• Saved data entries:
[Start of section]

(* Let $\mathcal{A}$ be the algebra associated to an $\mathbb{H}_{2n+1}$-structure on $\mathbb{P}V$ such that $T$ fixes every point of the boundary hyperplane $\mathbb{P}V'$. Then $2n+2\leq\dim\mathcal{A}\leq 3n+2$. If moreover the induced $\mathbb{G}_a^{2n}$-structure on $\mathbb{P}\widetilde V$ is tautological, then $\dim\mathcal{A}=2n+2$.
   Context: Work over $\mathbb{C}$, $n\ge1$. The Heisenberg group $\mathbb{H}_{2n+1}$ is $\mathbb{W}\times\mathbb{C}$ ($\mathbb{W}$ a $2n$-dimensional space with non-degenerate skew form $\omega$) with law $(w_1,t_1)(w_2,t_2)=(w_1+w_2,t_1+t_2+\tfrac12\omega(w_1,w_2))$; $T=(0,1)$, $\mathbb{I}=\mathbb{C}T$ its center. $V\cong\mathbb{C}^{2n+2}$. An $\mathbb{H}_{2n+1}$-structure on $\mathbb{P}V$ is an effective algebraic action with a dense open orbit; its boundary is a hyperplane $\mathbb{P}V'$. Regard $\mathbb{H}_{2n+1}$ as a subgroup of $\mathrm{Aut}(\mathbb{P}V)=\mathbb{P}\mathrm{GL}_{2n+2}(\mathbb{C})$, let $\pi:\mathrm{GL}_{2n+2}(\mathbb{C})\to\mathbb{P}\mathrm{GL}_{2n+2}(\mathbb{C})$ be the projection, and let $\mathcal{A}$ (the associated algebra) be the associative unital subalgebra of $\mathrm{Mat}_{2n+2}(\mathbb{C})$ generated by $\pi^{-1}(\mathbb{H}_{2n+1})$. For $o$ in the open orbit, $v$ is the point $\overline{\mathbb{I}\cdot o}\setminus\mathbb{I}\cdot o$, $\hat v$ represents it, and $\widetilde V=V/\mathbb{C}\hat v$; when $T$ fixes $\mathbb{P}V'$ pointwise, the action descends to a $\mathbb{G}_a^{2n}$-structure (effective action with dense open orbit) of $\mathbb{H}_{2n+1}/\mathbb{I}\cong\mathbb{G}_a^{2n}$ on $\mathbb{P}\widetilde V$, the induced structure. It is tautological if, in suitable coordinates on the group and homogeneous coordinates, it is $(a_1,\dots,a_{2n})\cdot[z_0,\dots,z_{2n}]=[z_0,z_1+a_1z_0,\dots,z_{2n}+a_{2n}z_0]$. *)

(* The ground field C is modelled as R[i] = complex R for
   R : realType (a complete archimedean ordered field, i.e. the reals). *)
From HB Require Import structures.
From mathcomp Require Import all_boot all_order all_algebra.
From mathcomp Require Import reals complex.
From mathcomp Require Import mpoly.
Set Implicit Arguments.
Unset Strict Implicit.
Unset Printing Implicit Defensive.
Import Order.TTheory GRing.Theory Num.Theory.
Local Open Scope ring_scope.

Section Heisenberg.
Variables (R : realType) (n : nat).
Local Notation C := (R[i]).
Local Notation N := (n.*2.+2).

(* skew, non-degenerate form omega(w1,w2) = w1 Om w2^T on W = C^(2n) *)
Definition skew_nondeg (Om : 'M[C]_(n.*2)) : Prop :=
  Om^T = - Om /\ Om \in unitmx.

Definition heis := ('rV[C]_(n.*2) * C)%type.

Definition heis_mul (Om : 'M[C]_(n.*2)) (g h : heis) : heis :=
  (g.1 + h.1, g.2 + h.2 + 2^-1 * (g.1 *m Om *m h.1^T) 0 0).
Definition heis_one : heis := (0, 0).
Definition heisT : heis := (0, 1).

Definition heis_coord (g : heis) : 'I_(n.*2.+1) -> C :=
  fun i => if (insub (val i) : option 'I_(n.*2)) is Some j
            then g.1 0 j else g.2.

(* --- projective space PV, points represented by nonzero column vectors --- *)
Definition proj_eq (x y : 'cV[C]_N) : Prop := exists c : C, c != 0 /\ y = c *: x.

Definition veval (p : mpoly.mpoly N C) (x : 'cV[C]_N) : C :=
  mpoly.meval (fun i => x i 0) p.

Definition homogeneous (p : mpoly.mpoly N C) : Prop :=
  exists d : nat, p \is mpoly.ishomog1 d mpoly.mdeg.

Definition zcl (S : 'cV[C]_N -> Prop) (x : 'cV[C]_N) : Prop :=
  x != 0 /\ forall p, homogeneous p ->
    (forall y, S y -> y != 0 -> veval p y = 0) -> veval p x = 0.

Definition zclosed (Z : 'cV[C]_N -> Prop) : Prop :=
  exists F : mpoly.mpoly N C -> Prop, (forall p, F p -> homogeneous p) /\
    forall x, x != 0 -> (Z x <-> forall p, F p -> veval p x = 0).

Variables (Om : 'M[C]_(n.*2)) (rho : heis -> 'M[C]_N).

Definition orbit (o x : 'cV[C]_N) : Prop := exists g, proj_eq (rho g *m o) x.
Definition Iorbit (o x : 'cV[C]_N) : Prop :=
  exists t : C, proj_eq (rho (0, t) *m o) x.

Definition open_dense_orbit (o : 'cV[C]_N) : Prop :=
  o != 0 /\ zclosed (fun x => ~ orbit o x) /\ (forall x, x != 0 -> zcl (orbit o) x).

(* An H_{2n+1}-structure on PV: an effective algebraic action (given by a
   polynomial linear representation lifting it) with a dense open orbit. *)
Definition Hstructure : Prop :=
  [/\ rho heis_one = 1%:M,
      (forall g h, rho (heis_mul Om g h) = rho g *m rho h),
      (exists P : 'I_N -> 'I_N -> mpoly.mpoly n.*2.+1 C,
          forall g i j, rho g i j = mpoly.meval (heis_coord g) (P i j)),
      (forall g, (exists c : C, rho g = c%:M) -> g = heis_one) &
      (exists o, open_dense_orbit o)].

Definition T_fixes_boundary (o : 'cV[C]_N) : Prop :=
  forall x, x != 0 -> ~ orbit o x -> proj_eq x (rho heisT *m x).

(* A is the associative unital subalgebra of Mat_N(C) generated by
   pi^{-1}(H) = { c rho(g) | c <> 0 } *)
Definition assoc_alg_closed (A : {vspace 'M[C]_N}) : Prop :=
  [/\ (1%:M \in A),
      (forall a b, a \in A -> b \in A -> a *m b \in A) &
      (forall g (c : C), c != 0 -> c *: rho g \in A)].
Definition is_assoc_alg (A : {vspace 'M[C]_N}) : Prop :=
  assoc_alg_closed A /\ forall B, assoc_alg_closed B -> (A <= B)%VS.

(* the tautological G_a^{2n}-action matrix on C^{2n+1} (coordinate 0 = z_0) *)
Definition taut (a : 'rV[C]_(n.*2)) : 'M[C]_(n.*2.+1) :=
  1%:M + \matrix_(i, j) (if j == ord0 then
                          (if unlift ord0 i is Some k then a 0 k else 0) else 0).

(* The induced G_a^{2n}-structure on P(V / C vh) is tautological, where vh
   represents the point closure(I.o) \ I.o; q : V -> V/C vh is a
   quotient map (any choice of homogeneous coordinates on V/C vh) and
   L : C^{2n} -> W a choice of linear coordinates on H/I = G_a^{2n}. *)
Definition induced_tautological (o : 'cV[C]_N) : Prop :=
  exists vh : 'cV[C]_N,
    [/\ vh != 0, zcl (Iorbit o) vh, ~ Iorbit o vh &
    exists q : 'M[C]_(n.*2.+1, N),
      [/\ q *m vh = 0, \rank q = n.*2.+1 &
      exists L : 'M[C]_(n.*2), L \in unitmx /\
        forall (a : 'rV[C]_(n.*2)) (t : C), exists c : C,
          c != 0 /\ q *m rho (a *m L, t) = c *: (taut a *m q)]].

End Heisenberg.

(* Each one-parameter subgroup s |-> rho(s g) of the polynomial representation
   is a truncated exponential exp(s Y_g) of a nilpotent matrix Y_g.  On the
   kernel of Y_T the group acts through the abelian quotient H/I, so the
   nilpotent Y_g of the basis vectors of W have a common kernel vector: a
   nonzero covector psi fixed by all of H.  The boundary of the open orbit is
   the hyperplane psi = 0; T fixes it pointwise and is unipotent, so Y_T kills
   it.  Hence Y_T = u psi has rank one, rho(0,s) = 1 + s Y_T and
   rho(g) rho(h) = rho(h) rho(g) + omega(g,h) Y_T.
   Since the orbit is dense, a |-> a o maps A onto V, so
   dim A = 2n+2 + dim K with K = {a in A | a o = 0}.  Writing a = sum c_j rho(g_j),
   a commutes with every rho(h) up to omega(sum c_j w_j, h) Y_T.  On K the vector
   sum c_j w_j determines a, and two such vectors are omega-orthogonal, so
   dim K <= n.  If the induced structure is tautological, the quotient map q
   intertwines rho with the tautological action, and q a = 0 forces
   sum c_j w_j = 0 for a in K, so K = 0. *)

From Pilot Require Import Defs.
From HB Require Import structures.
From mathcomp Require Import all_boot all_order all_algebra.
From mathcomp Require Import reals complex mpoly boolp.
From mathcomp Require Import ring zify.
Set Implicit Arguments.
Unset Strict Implicit.
Unset Printing Implicit Defensive.
Import Order.TTheory GRing.Theory Num.Theory.
Local Open Scope ring_scope.

(** * Polynomial one-parameter groups of matrices *)

Lemma last_nonzero (T : zmodType) (u : nat -> T) (D : nat) :
  u 0%N != 0 -> u D = 0 -> exists j, u j != 0 /\ u j.+1 = 0.
Proof.
move=> u0; elim: D => [|D IH] uD; first by rewrite uD eqxx in u0.
by have [/IH|] := eqVneq (u D) 0; last exists D.
Qed.

Section NumFieldPoly.
Variable F : numFieldType.

Lemma poly_horner_inj (p q : {poly F}) : (forall s, p.[s] = q.[s]) -> p = q.
Proof.
move=> pq; apply/eqP; rewrite -subr_eq0; apply/negPn/negP => nz.
pose r := [seq i%:R : F | i <- iota 0 (size (p - q))].
have rootsr : all (root (p - q)) r.
  by apply/allP => _ /mapP[i _ ->]; rewrite rootE hornerD hornerN pq subrr.
have uniqr : uniq r.
  by rewrite map_inj_uniq ?iota_uniq // => i j /eqP; rewrite eqr_nat => /eqP.
by have := max_poly_roots nz rootsr uniqr; rewrite size_map size_iota ltnn.
Qed.

Lemma sum_exprZ_eq0 a b D (M : nat -> 'M[F]_(a, b)) :
  (forall s : F, \sum_(k < D) s ^+ k *: M k = 0) -> forall k, (k < D)%N -> M k = 0.
Proof.
move=> M0 k kD; apply/matrixP => i j; rewrite mxE.
have : \poly_(l < D) M l i j = 0.
  apply: poly_horner_inj => s; rewrite horner_poly horner0.
  transitivity ((\sum_(l < D) s ^+ l *: M l) i j); last by rewrite M0 mxE.
  by rewrite summxE; apply: eq_bigr => l _; rewrite mxE mulrC.
by move=> /(congr1 (fun p : {poly F} => p`_k)); rewrite coef_poly kD coef0.
Qed.

End NumFieldPoly.

Lemma meval_line_poly (F : comNzRingType) k (p : {mpoly F[k]}) (x : 'I_k -> F) :
  exists q : {poly F}, forall s, meval (fun l => s * x l) p = q.[s].
Proof.
elim/mpolyind: p => [|c mm p _ _ [q Hq]]; first by exists 0 => s; rewrite meval0 horner0.
exists ((c * \prod_l x l ^+ mm l) *: 'X^(mdeg mm) + q) => s.
rewrite mevalD mevalZ mevalX hornerD hornerZ hornerXn Hq; congr (_ + _).
rewrite mdegE -prodrXr -mulrA -big_split /=; congr (_ * _).
by apply: eq_bigr => l _; rewrite exprMn mulrC.
Qed.

Lemma coef1_comp_XaddC (F : comNzRingType) (p : {poly F}) t :
  (p \Po ('X + t%:P))`_1 = p^`().[t].
Proof.
rewrite -[LHS]mulr1n -coef_deriv -horner_coef0 deriv_comp derivD derivX derivC.
by rewrite addr0 mulr1 horner_comp hornerD hornerX hornerC add0r.
Qed.

Section TruncatedExponential.
Variables (F : numFieldType) (m : nat).
Implicit Types (Y : 'M[F]_m.+1) (D : nat).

[End of section]

• Required action: Across the data, pull every line containing the string "else".

• Exercise answer:
            then g.1 0 j else g.2.
                          (if unlift ord0 i is Some k then a 0 k else 0) else 0).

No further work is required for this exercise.